Pub Night with Ben Fitzpatrick: What You Missed

Today’s post was written by America Negrete. America is a senior Marketing major with a strong interest in Accounting. She works at two separate departments in the library and loves every bit! 

October’s edition of Faculty Pub Night featured Ben Fitzpatrick, Professor of Mathematics. As a co-author of “Getting Personal with the ‘Reproducibility Crisis’: Interviews in the Animal Research Community,” Fitzpatrick joined students, faculty, and staff in the William H. Hannon Library’s Von der Ahe Suite to speak about the harsh realities of research in pharmaceuticals.

His publication details the increasing challenge that is research reproducibility. During his presentation, Fitzpatrick focused on two pharmaceutical companies, Bayer and Amgen. In 2011, Bayer attempted to reproduce 76 published studies. Only 14 were successfully reproduced. Similarly, Amgen revisited 53 studies. Of those, 6 were consistent with publications. This is a problem for pharmaceutical companies because research and development costs are consistently increasing, but drug discoveries are decreasing. Fitzpatrick and his co-authors, Elena Koustova and Yun Wang, interviewed 131 scientists, officials, and administrators in academia, government, industry, and private foundations in order to gain more insight on the reproducibility crisis. He continues to describe Type I and II Errors as well as p-values.

A p-value is an index used to assess the strength of evidence, where a smaller value indicates stronger evidence. A p-value of .05 is generally seen as acceptable and any study that produces a higher value is “not publishable.” Unfortunately, Fitzpatrick continues, academic culture in regards to publication is highly toxic. The pressure to publish in research-focused institutions is extremely high. Because only positive results are publishable, the stress of crafting a “perfect” study is overwhelming.

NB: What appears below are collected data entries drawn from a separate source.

(* Let $R$ be a discrete valuation ring of characteristic $p>0$ with field of fractions $K$. Let $H$ be a primitively generated $K$-Hopf algebra of rank $p^n$, let $t_1,\dots,t_n$ be a $K$-basis of $\mathrm{Prim}(H)$, and suppose the associated matrix $B=(b_{j,i})$ (defined by $t_i^p=\sum_j b_{j,i}t_j$) lies in $M_n(R)$. Let $A=(a_{j,i})\in M_n(R)$ and suppose there exists $\Theta=(\theta_{j,i})\in\mathrm{GL}_n(K)$ with $\Theta A=B\Theta^{(p)}$, where $\Theta^{(p)}=(\theta_{j,i}^p)$. Let \[H_0=R[u_1,\dots,u_n]\big/\Big(u_i^p-\sum_{j=1}^n a_{j,i}u_j : 1\le i\le n\Big),\qquad \Delta(u_i)=u_i\otimes 1+1\otimes u_i.\] Then $H_0$ can be embedded in $H$ as an $R$-Hopf order. Furthermore: (1) $H_0$ embeds in $H$ via $\Theta$, i.e. via $u_i\mapsto\sum_j\theta_{j,i}t_j$, so that its image is \[R\Big[\Big\{\sum_{j=1}^n\theta_{j,i}t_j : 1\le i\le n\Big\}\Big]\subseteq H;\] (2) if $A,A'\in M_n(R)$ and $\Theta,\Theta'\in\mathrm{GL}_n(K)$ satisfy $\Theta A=B\Theta^{(p)}$ and $\Theta'A'=B\Theta'^{(p)}$, and $H_0,H_0'$ denote the corresponding Hopf orders in $H$ obtained via the embeddings $\Theta,\Theta'$ as in (1), then $H_0=H_0'$ if and only if $\Theta^{-1}\Theta'\in \mathrm{GL}_n(R)$.
   Context: All Hopf algebras are commutative, cocommutative, finitely generated projective, of $p$-power rank. $t$ is primitive if $\Delta(t)=t\otimes1+1\otimes t$; $\mathrm{Prim}(H)$ is the module of primitives; $H$ is primitively generated if generated as an algebra by its primitives. An $R$-Hopf order in a $K$-Hopf algebra $H$ is a finitely generated projective $R$-submodule $H_0\subseteq H$ which is an $R$-Hopf algebra under the operations inherited from $H$ with $KH_0=H$. *)

From HB Require Import structures.
From mathcomp Require Import all_boot all_order all_algebra all_field.
From mathcomp Require Import mpoly.
Set Implicit Arguments. Unset Strict Implicit. Unset Printing Implicit Defensive.
Import Order.TTheory GRing.Theory Num.Theory.
Local Open Scope ring_scope.

Definition is_dvr (K : fieldType) (R : K -> Prop) : Prop :=
  exists v : K -> int,
    [/\ (forall x y, x != 0 -> y != 0 -> v (x * y) = v x + v y),
        (forall x y, x != 0 -> y != 0 -> x + y != 0 ->
            (v x <= v (x + y)) || (v y <= v (x + y))),
        (exists pi : K, pi != 0 /\ v pi = 1)
      & (forall x, R x <-> (x = 0 \/ 0 <= v x))].

Definition in_GLR (K : fieldType) (R : K -> Prop) (n : nat) (M : 'M[K]_n) :=
  [/\ M \in unitmx, (forall i j, R (M i j)) & (forall i j, R (invmx M i j))].

Definition frob_mx (K : fieldType) (p n : nat) (M : 'M[K]_n) : 'M[K]_n :=
  map_mx (fun x => x ^+ p) M.

Section HopfDefs.
Variables (K : fieldType) (H : falgType K).

(* H (x)_K H is represented by 'M_d (d = dim_K H) through coordinates in the
   canonical basis vbasis {:H} = (hbas i)_i of H : the element
   sum_ij M i j hbas i (x) hbas j is the matrix M, so x (x) y is the matrix
   of products of coordinates. *)
Definition hbas (i : 'I_(\dim {:H})) : H := tnth (vbasis {:H}) i.
Definition tens (x y : H) : 'M[K]_(\dim {:H}) :=
  \matrix_(i, j) (coord (vbasis {:H}) i x * coord (vbasis {:H}) j y).
(* Multiplication of H (x) H : (a (x) b)(c (x) d) = ac (x) bd. *)
Definition tmul (M N : 'M[K]_(\dim {:H})) : 'M[K]_(\dim {:H}) :=
  \sum_(i < \dim {:H}) \sum_(j < \dim {:H})
   \sum_(k < \dim {:H}) \sum_(l < \dim {:H})
     (M i j * N k l) *: tens (hbas i * hbas k) (hbas j * hbas l).

Record hopf_data := HopfData {
  comul : H -> 'M[K]_(\dim {:H});
  counit : H -> K;
  antipode : H -> H }.

(* Commutative, cocommutative K-Hopf algebra structure on the finite
   dimensional K-algebra H (finitely generated projective is automatic
   over the field K). *)
Definition is_cc_hopf (D : hopf_data) : Prop :=
  (forall x y : H, x * y = y * x) /\
  (forall (a : K) (x y : H), comul D (a *: x + y) = a *: comul D x + comul D y) /\
  (forall (a : K) (x y : H), counit D (a *: x + y) = a * counit D x + counit D y) /\
  (forall (a : K) (x y : H), antipode D (a *: x + y) = a *: antipode D x + antipode D y) /\
  comul D 1 = tens 1 1 /\
  (forall x y, comul D (x * y) = tmul (comul D x) (comul D y)) /\
  counit D 1 = 1 /\
  (forall x y, counit D (x * y) = counit D x * counit D y) /\
  (* coassociativity, in coordinates of H (x) H (x) H *)
  (forall x i j k, (\sum_a comul D x a k * comul D (hbas a) i j)
                 = (\sum_b comul D x i b * comul D (hbas b) j k)) /\
  (* counit axioms *)
  (forall x, (\sum_a \sum_b (comul D x a b * counit D (hbas a)) *: hbas b) = x) /\
  (forall x, (\sum_a \sum_b (comul D x a b * counit D (hbas b)) *: hbas a) = x) /\
  (* antipode axioms *)
  (forall x, (\sum_a \sum_b comul D x a b *: (antipode D (hbas a) * hbas b))
             = counit D x *: 1) /\
  (forall x, (\sum_a \sum_b comul D x a b *: (hbas a * antipode D (hbas b)))
             = counit D x *: 1) /\
  (forall x, (comul D x)^T = comul D x).

Definition primitive (D : hopf_data) (x : H) : Prop :=
  comul D x = tens x 1 + tens 1 x.

Definition prim_generated (D : hopf_data) : Prop :=
  forall P : H -> Prop,
    (forall x, primitive D x -> P x) -> P 1 ->
    (forall x y, P x -> P y -> P (x + y)) ->
    (forall (a : K) x, P x -> P (a *: x)) ->
    (forall x y, P x -> P y -> P (x * y)) ->
    forall x, P x.

Definition prim_basis (D : hopf_data) (n : nat) (t : 'I_n -> H) : Prop :=
  [/\ (forall i, primitive D (t i)),
      (forall c : 'I_n -> K, \sum_i c i *: t i = 0 -> forall i, c i = 0)
    & (forall x, primitive D x -> exists c : 'I_n -> K, x = \sum_i c i *: t i)].

Definition Rgen (R : K -> Prop) (n : nat) (s : 'I_n -> H) : H -> Prop :=
  fun x => forall P : H -> Prop,
    (forall i, P (s i)) -> P 1 ->
    (forall y z, P y -> P z -> P (y + z)) ->
    (forall (r : K) y, R r -> P y -> P (r *: y)) ->
    (forall y z, P y -> P z -> P (y * z)) ->
    P x.

Definition R_submodule (R : K -> Prop) (H0 : H -> Prop) : Prop :=
  [/\ H0 0, (forall x y, H0 x -> H0 y -> H0 (x + y))
    & (forall r x, R r -> H0 x -> H0 (r *: x))].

To illustrate the pressure that researchers are placed under, Fitzpatrick comes back to discuss Amgen’s replication work. An interviewee from the company shared that an Amgen scientist met with a study author to discuss his/her publication. The Amgen scientist commented that the study had been repeated at least 50 times and the original publication’s results were never achieved. The study author replied, “We repeated [the study] 6 times. One worked, and that’s what we published.” This example illustrates two difficulties: one, to replicate studies and two, to produce publishable studies.

The general reactions among the audience were confusion and fear. Weren’t studies published in academic journals truthful and valuable? After the night’s revelations, many were no longer certain. At least two audience members questioned how consumers of information can verify validity and trustworthiness among peer reviewed journals. It’s not clear, says Fitzpatrick. He references John Oliver’s Last Week Tonight segment on scientific studies. Oliver discusses the multitude of studies that constantly contradict each other. Fitzpatrick’s final verdict: the fact that there is no clear answer, is off-putting.

To turn the conversation around, one patron posited that if the accepted p-value was raised to .06, then the amount of replicable studies would rise. However, Fitzpatrick countered by saying that the idea of “chasing a threshold” would not change. Researchers would begin to chase a different p-value, and the problem would persist.

To close, Fitzpatrick revealed that a majority of his interviewees only took one statistics class throughout their higher ed careers. Few felt that one class met their research-based needs. As a result, Fitzpatrick believes that one answer to the reproducibility crisis could be to rethink introductory statistics courses towards research needs.